石油中に窒素化合物が存在すると、時間の経過とともに色相が悪化し、またガム生成の原因にもなるため品質劣化を招きます。また、精製に用いられる触媒を劣化させることもあります。燃焼すると、一酸化窒素(NO)や二酸化窒素(NO2)などの窒素酸化物(NOx)となり、光化学スモッグの原因となります。
【図3】石油中の非炭化水素化合物の例
酸素化合物
石油中に含まれる酸素化合物は、ナフテン環にカルボキシル基(-COOH)が付いたナフテン酸、芳香族炭化水素の水素が水酸基(-OH)に置換したフェノール類、アルキル基にカルボキシル基が付いた脂肪酸(CnH2n+1COOH)などです(【図3-C】)。ナフテン酸はシクロアルカンを主成分とする原油中に多く含まれています。

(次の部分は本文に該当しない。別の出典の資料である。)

(* Let $H$ be a dephased complex Hadamard matrix of order $6$. If some row of $H$ other than the first (respectively, some column other than the first) contains three entries equal to the same number $x$, then $x\in\{1,-1\}$ and that row (respectively column) is, up to permutation of its entries, equal to $(1,1,1,-1,-1,-1)$.
   Context: A complex Hadamard matrix of order $n$ is an $n\times n$ complex matrix $H$ all of whose entries have modulus $1$ and which satisfies $HH^\ast=nI_n$. It is dephased if all entries of its first row and first column equal $1$. *)

(* Complex numbers are modelled by an arbitrary
   numClosedFieldType C (e.g. algC). *)
From HB Require Import structures.
From mathcomp Require Import all_boot all_order all_algebra.
Set Implicit Arguments. Unset Strict Implicit. Unset Printing Implicit Defensive.
Import Order.TTheory GRing.Theory Num.Theory.
Local Open Scope ring_scope.

Definition adjmx (C : numClosedFieldType) (m n : nat) (H : 'M[C]_(m, n)) : 'M[C]_(n, m) :=
  (map_mx Num.conj H)^T.

Definition complex_hadamard (C : numClosedFieldType) (n : nat) (H : 'M[C]_n) : Prop :=
  (forall i j, `|H i j| = 1) /\ H *m adjmx H = n%:R%:M.

Definition dephased (C : numClosedFieldType) (n : nat) (H : 'M[C]_n.+1) : Prop :=
  (forall j, H ord0 j = 1) /\ (forall i, H i ord0 = 1).

From HB Require Import structures.
From mathcomp Require Import all_boot all_order all_algebra.
From mathcomp Require Import ring zify.
Set Implicit Arguments.
Unset Strict Implicit.
Unset Printing Implicit Defensive.
Import Order.TTheory GRing.Theory Num.Theory.
Local Open Scope ring_scope.

(* Let f be a vector of n unimodular complex numbers with zero sum, and x a
   unimodular number.  Expanding |f_j + x|^2 = 2 + 2 Re(f_j conj x) and summing,
   the cross terms cancel, so  sum_j |f_j + x|^2 = 2n.  Every entry equal to x
   contributes 4, hence x occurs at most n/2 times, and if it occurs exactly
   n/2 times every other summand vanishes, i.e. every other entry equals -x.

   In a dephased complex Hadamard matrix every row and every column other than
   the first is orthogonal to the all-ones first row (resp. column), so it
   sums to zero.  For order 6, a value x occurring three times in such a row
   or column therefore occurs exactly three times and the other three entries
   are -x; since the row contains the entry 1, x = 1 or x = -1, and the row is
   a permutation of (1,1,1,-1,-1,-1). *)

Lemma count_enum (T : finType) (A : pred T) : count A (enum T) = #|A|.
Proof.
rewrite cardE -size_filter; congr size.
by rewrite /(enum T) /(enum A) /= /enum_mem filter_predT.
Qed.

Lemma perm_two_valued (T : eqType) (s : seq T) (x z : T) :
  (forall y, y \in s -> y != x -> y = z) ->
  perm_eq s (nseq (count (pred1 x) s) x ++
             nseq (count (predC (pred1 x)) s) z).
Proof.
move=> other_z.
have /all_pred1P eq_x : all (pred1 x) (filter (pred1 x) s).
  by apply/allP => y; rewrite mem_filter => /andP[].
have /all_pred1P eq_z : all (pred1 z) (filter (predC (pred1 x)) s).
  by apply/allP => y; rewrite mem_filter => /andP[ne_yx s_y]; apply/eqP/other_z.
by rewrite -(perm_filterC (pred1 x) s) eq_x eq_z !size_filter.
Qed.

Section UnimodularZeroSum.

Variables (C : numClosedFieldType) (n : nat) (f : 'I_n -> C) (x : C).
Hypothesis unimodular_f : forall j, `|f j| = 1.
Hypothesis zero_sum_f : \sum_j f j = 0.
Hypothesis unimodular_x : `|x| = 1.

Lemma sum_sqr_norm_add : \sum_j `|f j + x| ^+ 2 = (2 * n)%:R.
Proof.
have expand j : `|f j + x| ^+ 2 = 2 + (f j * x^* + x * (f j)^*).
  have unit_f : f j * (f j)^* = 1 by rewrite -normCK unimodular_f expr1n.
  have unit_x : x * x^* = 1 by rewrite -normCK unimodular_x expr1n.
  rewrite normCK rmorphD /= mulrDl !mulrDr unit_f unit_x; ring.
rewrite (eq_bigr _ (fun j _ => expand j)) big_split /= sumr_const card_ord.
rewrite big_split /= -mulr_suml -mulr_sumr -rmorph_sum zero_sum_f rmorph0.
by rewrite mul0r mulr0 !addr0 natrM mulr_natr.
Qed.

Let x_entries := [pred j | f j == x].

Lemma sum_sqr_norm_split :
  (4 * #|x_entries|)%:R + \sum_(j | f j != x) `|f j + x| ^+ 2 = (2 * n)%:R :> C.
Proof.
rewrite -sum_sqr_norm_add [RHS](bigID (fun j => f j == x)) /=; congr (_ + _).
transitivity (\sum_(j | f j == x) (4 : C)).
  by rewrite sumr_const natrM mulr_natr.
apply: eq_bigr => j /eqP ->.
by rewrite -mulr2n normrMn unimodular_x -natrX.
Qed.

Lemma card_eq_le_half : (2 * #|x_entries| <= n)%N.
Proof.
have rest_ge0 : 0 <= \sum_(j | f j != x) `|f j + x| ^+ 2 :> C.
  by apply: sumr_ge0 => j _; exact: exprn_ge0.
have : (4 * #|x_entries|)%:R <= (2 * n)%:R :> C.
  by rewrite -sum_sqr_norm_split lerDl.
by rewrite ler_nat; lia.
Qed.

Lemma others_opp_of_half :
  (2 * #|x_entries| = n)%N -> forall j, f j != x -> f j = - x.
Proof.
move=> half j ne_jx.
have rest0 : \sum_(j | f j != x) `|f j + x| ^+ 2 = 0 :> C.
  have := sum_sqr_norm_split; rewrite -[X in (2 * X)%N]half mulnA.
  by rewrite -[X in _ = X]addr0 => /addrI.
apply/eqP; rewrite -addr_eq0 -normr_eq0 -sqrf_eq0; apply/eqP.
exact: (psumr_eq0P (fun i _ => exprn_ge0 2 (normr_ge0 _)) rest0 ne_jx).
Qed.

End UnimodularZeroSum.

Lemma zero_sum_half_constant (C : numClosedFieldType) (k : nat)
    (f : 'I_(2 * k) -> C) (x : C) :
  (forall j, `|f j| = 1) -> \sum_j f j = 0 -> (exists j, f j = 1) ->
  (k <= #|[pred j | f j == x]|)%N ->
  (x = 1 \/ x = -1) /\
  perm_eq [seq f j | j <- enum 'I_(2 * k)] (nseq k 1 ++ nseq k (-1)).
Proof.
move=> unimodular_f zero_sum [j1 f_j1] many_x.
have [j0 /eqP f_j0] : exists j, f j == x.
  have k_gt0 : (0 < k)%N by have := ltn_ord j1; lia.
  have : (0 < #|[pred j | f j == x]|)%N by apply: leq_trans many_x.
  by case/card_gt0P => j; exists j.
have unimodular_x : `|x| = 1 by rewrite -f_j0.
have at_most_half := card_eq_le_half unimodular_f zero_sum unimodular_x.
have card_x : #|[pred j | f j == x]| = k by lia.
have opp_x j : f j != x -> f j = - x.
  by apply: (others_opp_of_half unimodular_f zero_sum unimodular_x); lia.
have x_pm1 : x = 1 \/ x = -1.
  have [<-|/opp_x] := eqVneq (f j1) x; first by left.
  by rewrite f_j1 => one_opp; right; rewrite one_opp opprK.
split=> //.
set s := [seq f j | j <- enum _].
have count_x : count (pred1 x) s = k by rewrite count_map count_enum.
have count_other : count (predC (pred1 x)) s = k.
  by have := count_predC (pred1 x) s; rewrite count_x size_map size_enum_ord; lia.
have perm_s : perm_eq s (nseq k x ++ nseq k (- x)).
  rewrite -{1}count_x -{1}count_other; apply: perm_two_valued => y.
  by case/mapP=> j _ -> /opp_x.
case: x_pm1 => x_val; rewrite x_val ?opprK in perm_s; first exact: perm_s.
by rewrite (permPl perm_s) perm_catC.
Qed.

Section DephasedHadamard.

Variables (C : numClosedFieldType) (n : nat) (H : 'M[C]_n.+1).
Hypotheses (hadamard_H : complex_hadamard H) (dephased_H : dephased H).

(* A complex Hadamard matrix of order n+1 also satisfies H^* H = (n+1) I,
   since a one-sided inverse of a square matrix is two-sided. *)
Lemma adjmx_mul_hadamard : adjmx H *m H = n.+1%:R%:M.
Proof.
have n_neq0 : (n.+1%:R : C) != 0 by rewrite pnatr_eq0.
have inv : H *m ((n.+1%:R)^-1 *: adjmx H) = 1%:M.
  by rewrite -scalemxAr hadamard_H.2 scale_scalar_mx mulVf.
have inv_left := mulmx1C inv; rewrite -scalemxAl in inv_left.
by rewrite -[LHS]scale1r -{1}(mulfV n_neq0) -scalerA inv_left scale_scalar_mx mulr1.
Qed.

(* Each row other than the first is orthogonal to the all-ones first row. *)
Lemma dephased_row_sum (i : 'I_n.+1) : i != ord0 -> \sum_j H i j = 0.
Proof.
move=> i_neq0; have := congr1 (fun M : 'M[C]_n.+1 => M i ord0) hadamard_H.2.
rewrite !mxE (negbTE i_neq0) mulr0n => orth; apply: etrans orth.
by apply: eq_bigr => j _; rewrite !mxE dephased_H.1 rmorph1 mulr1.
Qed.

(* Each column other than the first is orthogonal to the first column. *)
Lemma dephased_col_sum (j : 'I_n.+1) : j != ord0 -> \sum_i H i j = 0.
Proof.
move=> j_neq0; have := congr1 (fun M : 'M[C]_n.+1 => M ord0 j) adjmx_mul_hadamard.
rewrite !mxE eq_sym (negbTE j_neq0) mulr0n => orth; apply: etrans orth.
by apply: eq_bigr => i _; rewrite !mxE dephased_H.2 rmorph1 mul1r.
Qed.

End DephasedHadamard.

Theorem lemma2p22 (C : numClosedFieldType) (H : 'M[C]_6) :
  complex_hadamard H -> dephased H ->
  (forall (i : 'I_6) (x : C), i != ord0 ->
     (3 <= #|[pred j | H i j == x]|)%N ->
     (x = 1 \/ x = -1) /\
     perm_eq [seq H i j | j <- enum 'I_6] [:: 1; 1; 1; -1; -1; -1]) /\
  (forall (j : 'I_6) (x : C), j != ord0 ->
     (3 <= #|[pred i | H i j == x]|)%N ->
     (x = 1 \/ x = -1) /\
     perm_eq [seq H i j | i <- enum 'I_6] [:: 1; 1; 1; -1; -1; -1]).
Proof.
move=> hadamard_H dephased_H.
have [unimodular _] := hadamard_H; have [first_row first_col] := dephased_H.
split=> [i x i_neq0 | j x j_neq0].
- apply: (@zero_sum_half_constant C 3 (fun j => H i j)) => //.
  + exact: dephased_row_sum.
  + by exists ord0.
- apply: (@zero_sum_half_constant C 3 (fun i => H i j)) => //.
  + exact: dephased_col_sum.
  + by exists ord0.
Qed.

酸素化合物も、石油製品の品質上好ましくないため、精製の過程で取り除かれています。
金属化合物
原油中には極めて微量ながら金属成分も含まれています。バナジウム、ニッケル、鉄、銅、ナトリウム、マグネシウム、カルシウム、亜鉛、バリウム、アルミニウム、コバルト、チタン、スズなど約30種類の金属元素が確認されており、数ppmから数10ppmの濃度で存在しています。これらの金属成分は、燃焼後、灰となって残ります。
金属成分のうち、最も多く含まれるのはバナジウムとニッケルで、ポルフィリンなどにキレートした有機金属化合物として存在している場合が多いです。一方、ナトリウムやマグネシウム、カルシウムなどは、多くの場合、無機塩として存在しています。
バナジウムやニッケルなどの一部の金属は、石油精製の過程で使われる触媒に害を与えることがあります。
(3)カラムクロマトグラフィーによる原油の四成分分画
これまで述べてきたとおり、原油には様々な成分が含まれており、その数は数万にも及ぶといわれます。これら多様な成分をすべて同定・定量するのは、まず不可能であり、現実的とはいえません。そのため、原油中の成分はカラムクロマトグラフィーによって分けられる4つの画分で論じられることが多いです。4つの画分は、飽和炭化水素画分、芳香族炭化水素画分、レジン画分、アスファルテン画分と呼ばれ、主に極性の違いによって分けられています。(【図4】)。
飽和炭化水素画分と芳香族炭化水素画分は、(1)で述べた飽和炭化水素と芳香族炭化水素の画分にあたり、炭素と水素のみからなる画分です。レジンとアスファルテンの画分には、炭素と水素のほか、硫黄や窒素、酸素など炭化水素以外の元素を含む化合物が含まれています。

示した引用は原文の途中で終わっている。